Beaux Arts Properties v. New York State Division of Housing & Community Renewal

Order and judgment (one paper), Supreme Court, New York County (Alvin F. Klein, J.), entered February 6, 1985, which granted the CPLR article 78 petition of Beaux Arts Properties to the extent of annulling Order No. 30,195 of the Conciliation and Appeals Board (CAB), dated March 1, 1984 to the extent that it directed petitioner to roll back its rents to those charged and paid on June 30, 1982 and to refund and credit any rent increases collected on or after that date, unanimously reversed, on the law, the petition denied, the proceeding dismissed, and the order of the CAB reinstated, without costs.

Order and judgment (one paper), Supreme Court, New York County (Alvin F. Klein, J.), entered February 6, 1985, which granted the article 78 petition of 24 Fifth Avenue Associates to the extent of annulling Order No. 30,402 of the Conciliation and Appeals Board dated March 1, 1984, to the extent that it directed petitioner to roll back its rents to those charged and paid on June 30, 1982 and to refund and credit any rent increases collected on or after that date, unanimously reversed, on the law, the petition denied, the proceeding dismissed, and the order of the CAB reinstated, without costs.

Order and judgment (one paper), Supreme Court, New York County (Alvin F. Klein, J.), entered March 14, 1985, which denied and dismissed the article 78 petition of 24 Fifth Avenue Tenants Association, unanimously affirmed, without costs.

In these article 78 proceedings which were consolidated for disposition below, orders and opinions of the Conciliation and Appeals Board, predecessor to the respondent State Division of Housing and Community Renewal (DHCR), declassifying buildings as hotels and directing rollbacks in rent, are challenged. In each case, the CAB found that the subject buildings did not actually supply hotel services to their tenants in violation of the Rent Stabilization Law and the Code of the Metropolitan Hotel Industry Stabilization Association, Inc. (Hotel Code). Accordingly, pursuant to Administrative Code of the City of New York § YY51-3.1 (b) (L 1983, ch 403, §43), the CAB determined that the subject buildings were not hotels and reclassified them as apartment buildings. Moreover, since the CAB found that the owners of the buildings did not supply hotel services as of July 15, 1982, but collected the higher hotel guideline rent increases, the CAB rolled back the rents *199to those in effect on June 30, 1982, the date immediately prior thereto.
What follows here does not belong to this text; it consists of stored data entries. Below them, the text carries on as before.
(* Let $Y$ be a random simplicial complex on $[n]=\{0,\dots,n\}$ drawn from the lower model in the medial regime, with constants $0<p\le P<1$ such that $p\le p_\sigma\le P$ for all $\sigma$. Then $Y$ is simply connected (connected with trivial fundamental group) asymptotically almost surely, i.e. with probability tending to $1$ as $n\to\infty$.
   Context: Lower model: each non-empty proper subset $\sigma\subsetneq[n]$ is included independently with probability $p_\sigma$ into a random hypergraph $X$, and $Y$ is the largest simplicial complex contained in $X$ ($\sigma\in Y$ iff every non-empty $\tau\subseteq\sigma$ lies in $X$). Medial regime: $p,P\in(0,1)$ are independent of $n$. *)

From HB Require Import structures.
From mathcomp Require Import all_boot all_order all_algebra.
From mathcomp Require Import all_classical all_reals all_analysis.
From Stdlib Require Import Relations.Relation_Operators.
Set Implicit Arguments. Unset Strict Implicit. Unset Printing Implicit Defensive.
Import Order.TTheory GRing.Theory Num.Theory.
Local Open Scope ring_scope.

(* A (finite abstract) simplicial complex / hypergraph on vertex type T is a
   set of faces {set {set T}}.  Vertex v belongs to Y iff [set v] \in Y. *)

Section Complexes.
Variable T : finType.

Definition lowerY (X : {set {set T}}) : {set {set T}} :=
  [set s : {set T} | (s != finset.set0) &&
     [forall t : {set T}, ((t != finset.set0) && (t \subset s)) ==> (t \in X)]].

(* Edge relation of the 1-skeleton (u = v allowed when [set u] is a vertex). *)
Definition cedge (Y : {set {set T}}) : rel T := fun u v => [set u; v] \in Y.

(* Elementary moves on edge paths (Spanier's edge-path group):
   u v w ~ u w  when {u,v,w} is a simplex, and  u u ~ u. *)
Inductive ep_step (Y : {set {set T}}) : seq T -> seq T -> Prop :=
| ep_tri (a b : seq T) (u v w : T) :
    [set u; v; w] \in Y -> ep_step Y (a ++ [:: u, v, w & b]) (a ++ [:: u, w & b])
| ep_dup (a b : seq T) (u : T) :
    [set u] \in Y -> ep_step Y (a ++ [:: u, u & b]) (a ++ [:: u & b]).

Definition ep_equiv (Y : {set {set T}}) : seq T -> seq T -> Prop :=
  clos_refl_sym_trans (seq T) (ep_step Y).

(* Y is simply connected: nonempty, connected, and every closed edge path
   x :: s (x a vertex, consecutive vertices spanning simplices, ending at x)
   is edge-path equivalent to the trivial path [:: x], i.e. the edge-path group
   (= fundamental group of the geometric realization) is trivial. *)
Definition simply_connected (Y : {set {set T}}) : Prop :=
  [/\ exists v : T, [set v] \in Y,
      (forall u v : T, [set u] \in Y -> [set v] \in Y ->
         exists s : seq T, path (cedge Y) u s /\ last u s = v)
    & (forall (x : T) (s : seq T), [set x] \in Y ->
         path (cedge Y) x s -> last x s = x -> ep_equiv Y (x :: s) [:: x])].
End Complexes.
Definition word_rep_f (act : seq nat -> seq nat -> seq nat) (xs : seq (seq nat))
  (L : seq nat) (i j : nat) : int := (act (nth [::] xs i) L == nth [::] xs j)%:Z.

Definition Jrep_f (L : seq nat) (k l : nat) : int :=
  (ap L k.+1 == l.+1)%:Z - (ap L k.+1 == 0)%:Z.

(* The pairs (k+1, 0) sit at the positions 4(k+1) of XPl; on these positions
   inj_f k is the k-th unit vector, so ret_f retracts inj_f and the remaining
   positions Fbasis span a complement of its image. *)
Definition inj_f (k i : nat) : int :=
  (nth 0 (nth [::] XPl i) 0 == k.+1)%:Z - (nth 0 (nth [::] XPl i) 1 == k.+1)%:Z.
Definition ret_f (i k : nat) : int := (i == 4 * k.+1)%:Z.
Definition Fbasis : seq nat := [seq i <- iota 0 20 | i \notin [:: 4; 8; 12; 16]].
Definition sec_f (c i : nat) : int := (nth 0 Fbasis c == i)%:Z.
Definition proj_f (i c : nat) : int :=
  idf i (nth 0 Fbasis c) - prodf 4 ret_f inj_f i (nth 0 Fbasis c).

Definition Frep_f (L : seq nat) (c d : nat) : int :=
  proj_f (index (actP (nth [::] XPl (nth 0 Fbasis c)) L) XPl) d.

Lemma inj_ret_check : mulcheck 4 20 4 inj_f ret_f idf. Proof. by vm_compute. Qed.
Lemma inj_proj_check : mulcheck 4 20 16 inj_f proj_f zerof. Proof. by vm_compute. Qed.
Lemma sec_proj_check : mulcheck 16 20 16 sec_f proj_f idf. Proof. by vm_compute. Qed.
Lemma ret_inj_proj_sec_check :
  eqcheck 20 20 (plusf (prodf 4 ret_f inj_f) (prodf 16 proj_f sec_f)) idf.
Proof. by vm_compute. Qed.

Lemma inj_equivariant_check : all (fun L =>
  mulcheck 4 4 20 (Jrep_f L) inj_f (prodf 20 inj_f (word_rep_f actP XPl L))) A5list.
Proof. by vm_compute. Qed.

Lemma Frep_check : all (fun L =>
  let secrep_f c j := word_rep_f actP XPl L (nth 0 Fbasis c) j in
  mulcheck 16 20 20 sec_f (word_rep_f actP XPl L) secrep_f &&
  mulcheck 16 20 16 secrep_f proj_f (Frep_f L)) A5list.
Proof. by vm_compute. Qed.

End SplittingData.

Section Isomorphism.
Local Open Scope int_scope.

Definition theta_tab : seq (seq int) :=
  [:: [:: -1; 1; 1; 1; 1; 1; -3; -4; -4; -3; -2; -2; -2; -1; -1; -1; -2; -2; -1; -2; -3; -2];
  [:: 1; 1; 1; -1; 1; 1; -3; -3; -4; -4; -2; -2; -2; -2; -3; -2; -1; -1; -1; -2; -1; -2];
  [:: 1; 1; 1; 1; -1; 1; -3; -4; -3; -4; -2; -2; -2; -2; -1; -2; -2; -2; -3; -1; -1; -1];
  [:: 1; 1; -1; 1; 1; 1; -4; -3; -3; -4; -1; -1; -1; -2; -2; -2; -3; -2; -2; -2; -2; -1];
  [:: 1; -1; 1; 1; 1; 1; -4; -3; -4; -3; -2; -2; -1; -2; -2; -2; -1; -1; -1; -2; -2; -3];
  [:: 1; 1; 1; -1; 1; 1; -3; -3; -4; -4; -2; -2; -3; -2; -2; -2; -1; -2; -2; -1; -1; -1];
  [:: 1; 1; 1; 1; 1; -1; -4; -4; -3; -3; -1; -1; -1; -2; -2; -1; -2; -2; -2; -3; -2; -2];
  [:: 1; 1; 1; 1; -1; 1; -3; -4; -3; -4; -3; -2; -2; -1; -1; -1; -2; -2; -2; -1; -2; -2];
  [:: 1; 1; -1; 1; 1; 1; -4; -3; -3; -4; -1; -2; -2; -2; -2; -3; -2; -2; -2; -1; -1; -1];
  [:: 1; -1; 1; 1; 1; 1; -4; -3; -4; -3; -1; -1; -1; -3; -2; -2; -2; -1; -2; -2; -2; -2];
  [:: 1; 1; 1; 1; 1; -1; -4; -4; -3; -3; -2; -1; -2; -1; -1; -1; -2; -3; -2; -2; -2; -2];
  [:: -1; 1; 1; 1; 1; 1; -3; -4; -4; -3; -2; -3; -2; -1; -2; -2; -1; -1; -1; -2; -2; -2];
  [:: 0; 1; 1; 0; 0; 1; -2; -3; -3; -3; -2; -2; -2; -1; -1; -1; -1; -1; -1; -1; -1; -1];
  [:: 1; 0; 0; 0; 1; 1; -3; -2; -3; -3; -1; -1; -1; -2; -2; -2; -1; -1; -1; -1; -1; -1];
  [:: 1; 1; 0; 1; 0; 0; -3; -3; -2; -3; -1; -1; -1; -1; -1; -1; -2; -2; -2; -1; -1; -1];
  [:: 0; 0; 1; 1; 1; 0; -3; -3; -3; -2; -1; -1; -1; -1; -1; -1; -1; -1; -1; -2; -2; -2];
  [:: 0; 1; 0; 1; 1; 0; -3; -3; -2; -2; -1; -1; -1; -1; -1; -1; -2; -2; -1; -2; -2; -1];
  [:: 1; 0; 1; 0; 1; 0; -3; -2; -3; -2; -1; -1; -1; -2; -2; -1; -1; -1; -1; -2; -1; -2];
  [:: 1; 0; 0; 1; 0; 1; -3; -2; -2; -3; -1; -1; -1; -2; -1; -2; -2; -1; -2; -1; -1; -1];
  [:: 0; 0; 1; 1; 0; 1; -2; -3; -3; -2; -2; -2; -1; -1; -1; -1; -1; -1; -1; -1; -2; -2];
  [:: 1; 1; 1; 0; 0; 0; -2; -3; -2; -3; -2; -1; -2; -1; -1; -1; -1; -2; -2; -1; -1; -1];
  [:: 0; 1; 0; 0; 1; 1; -2; -2; -3; -3; -1; -2; -2; -1; -2; -2; -1; -1; -1; -1; -1; -1]].

Definition theta_inv_tab : seq (seq int) :=
  [:: [:: -3; -2; -2; -2; -2; -2; -2; -2; -2; -2; -2; -3; 4; 3; 3; 4; 4; 3; 3; 4; 3; 4];
  [:: -2; -2; -2; -2; -3; -2; -2; -2; -2; -3; -2; -2; 3; 4; 3; 4; 3; 4; 4; 4; 3; 3];
  [:: -2; -2; -2; -3; -2; -2; -2; -2; -3; -2; -2; -2; 3; 4; 4; 3; 4; 3; 4; 3; 3; 4];
  [:: -2; -3; -2; -2; -2; -3; -2; -2; -2; -2; -2; -2; 4; 4; 3; 3; 3; 4; 3; 3; 4; 4];
  [:: -2; -2; -3; -2; -2; -2; -2; -3; -2; -2; -2; -2; 4; 3; 4; 3; 3; 3; 4; 4; 4; 3];
  [:: -2; -2; -2; -2; -2; -2; -3; -2; -2; -2; -3; -2; 3; 3; 4; 4; 4; 4; 3; 3; 4; 3];
  [:: 0; 0; 0; 0; 0; -1; 0; -1; 0; 0; 0; -1; 1; 0; 0; 0; 0; 0; 0; 1; 1; 1];
  [:: 0; -1; 0; 0; 0; 0; 0; 0; -1; -1; 0; 0; 0; 1; 0; 0; 0; 1; 1; 0; 0; 1];
  [:: 0; 0; -1; -1; 0; 0; 0; 0; 0; 0; -1; 0; 0; 0; 1; 0; 1; 0; 1; 0; 1; 0];
  [:: -1; 0; 0; 0; -1; 0; -1; 0; 0; 0; 0; 0; 0; 0; 0; 1; 1; 1; 0; 1; 0; 0];
  [:: 0; 0; 0; -1; 0; 0; 0; 0; 0; 0; -1; -1; 0; 0; 1; 1; 1; 0; 0; 0; 0; 1];
  [:: 0; 0; 0; 0; -1; -1; -1; 0; 0; 0; 0; 0; 0; 1; 0; 1; 0; 1; 0; 0; 1; 0];
  [:: 0; 0; 0; 0; 0; 0; 0; -1; -1; -1; 0; 0; 0; 1; 1; 0; 0; 0; 1; 1; 0; 0];
  [:: -1; 0; 0; 0; 0; 0; -1; 0; -1; 0; 0; 0; 0; 0; 1; 1; 1; 0; 0; 0; 0; 1];
  [:: 0; 0; 0; 0; 0; 0; 0; -1; 0; -1; 0; -1; 1; 0; 0; 1; 0; 0; 1; 1; 0; 0];
  [:: 0; -1; -1; 0; 0; 0; 0; 0; 0; 0; -1; 0; 1; 0; 1; 0; 0; 1; 0; 0; 1; 0];
  [:: 0; -1; 0; 0; 0; 0; 0; 0; 0; -1; -1; 0; 0; 1; 0; 1; 0; 1; 0; 0; 1; 0];
  [:: -1; 0; -1; 0; -1; 0; 0; 0; 0; 0; 0; 0; 1; 0; 0; 1; 0; 0; 1; 1; 0; 0];
  [:: 0; 0; 0; -1; 0; -1; 0; 0; 0; 0; 0; -1; 1; 1; 0; 0; 1; 0; 0; 0; 0; 1];
  [:: 0; 0; -1; -1; -1; 0; 0; 0; 0; 0; 0; 0; 0; 1; 1; 0; 0; 0; 1; 1; 0; 0];
  [:: 0; 0; 0; 0; 0; -1; -1; -1; 0; 0; 0; 0; 1; 0; 1; 0; 0; 1; 0; 0; 1; 0];
  [:: -1; -1; 0; 0; 0; 0; 0; 0; -1; 0; 0; 0; 1; 1; 0; 0; 1; 0; 0; 0; 0; 1]].

Definition theta_f := nth 0 \o nth [::] theta_tab.
Definition theta_inv_f := nth 0 \o nth [::] theta_inv_tab.

Definition src_f (L : seq nat) := blockf 12 12 (word_rep_f actC XCl L) (word_rep_f actS XSl L).
Definition dst_f (L : seq nat) := blockf 6 6 (word_rep_f actD XDl L) (Frep_f L).

Lemma theta_equivariant_check : all (fun L =>
  mulcheck 22 22 22 (src_f L) theta_f (prodf 22 theta_f (dst_f L))) A5list.
Proof. by vm_compute. Qed.

Lemma theta_inv_r_check : mulcheck 22 22 22 theta_f theta_inv_f idf. Proof. by vm_compute. Qed.
Lemma theta_inv_l_check : mulcheck 22 22 22 theta_inv_f theta_f idf. Proof. by vm_compute. Qed.

End Isomorphism.

Section A5Model.
Variables (gT : finGroupType) (G H : {group gT}).
Hypotheses (sHG : H \subset G) (cardG : #|G| = 60) (cardH : #|H| = 12).
Hypothesis simG : simple G.
Local Notation cs := (coset_seq G H).

Section CosetPermutation.
Local Open Scope group_scope.

Definition coset_perm (g : gT) : seq nat :=
  [seq index (nth set0 cs k :* g) cs | k <- id5].

Lemma size_coset_seq : size cs = 5.
Proof.
rewrite /coset_seq -cardE -/(indexg G H); apply/eqP.
by rewrite -(eqn_pmul2l (_ : 0 < 12)) // -{1}cardH Lagrange // cardG.
Qed.

Lemma uniq_coset_seq : uniq cs. Proof. exact: enum_uniq. Qed.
Special Term annulled that portion of the CAB orders which rolled back the rent to June 30, 1982 levels, finding that the CAB lacked the authority pursuant to Administrative Code § YY51-3.1 (b) to retroactively roll back the rents, relying on the Supreme Court ruling in Matter of Berkeley Kay Corp. v New York City Conciliation & Appeals Bd. (Index No. 3107/ 84, June 26, 1984).

However, as this court noted in reversing Matter of Berkeley Kay (113 AD2d 331), the CAB’s power to adjust illegal rents is derived from its authority which existed prior to the enactment of the Omnibus Housing Act (L 1983, ch 403), and not from the prospective authority granted by that law. The rent rollbacks directed by the CAB solely enforced the terms of the amended Hotel Code (eff July 15, 1982) which mandated that the owner must actually provide hotel services to tenants, and which these owners failed to do. The fact that these owners charged rents pursuant to the higher hotel guidelines while not complying with the Hotel Code, as effective July 15, 1982, provides the rational basis for the retroactive rollback of rents to that date (Matter of Berkeley Kay Corp. v New York City Conciliation & Appeals Bd., 113 AD2d 331, supra).

We have examined the other points raised by the parties on these appeals and find them without merit. Concur — Ross, J. P., Asch, Fein, Milonas and Ellerin, JJ.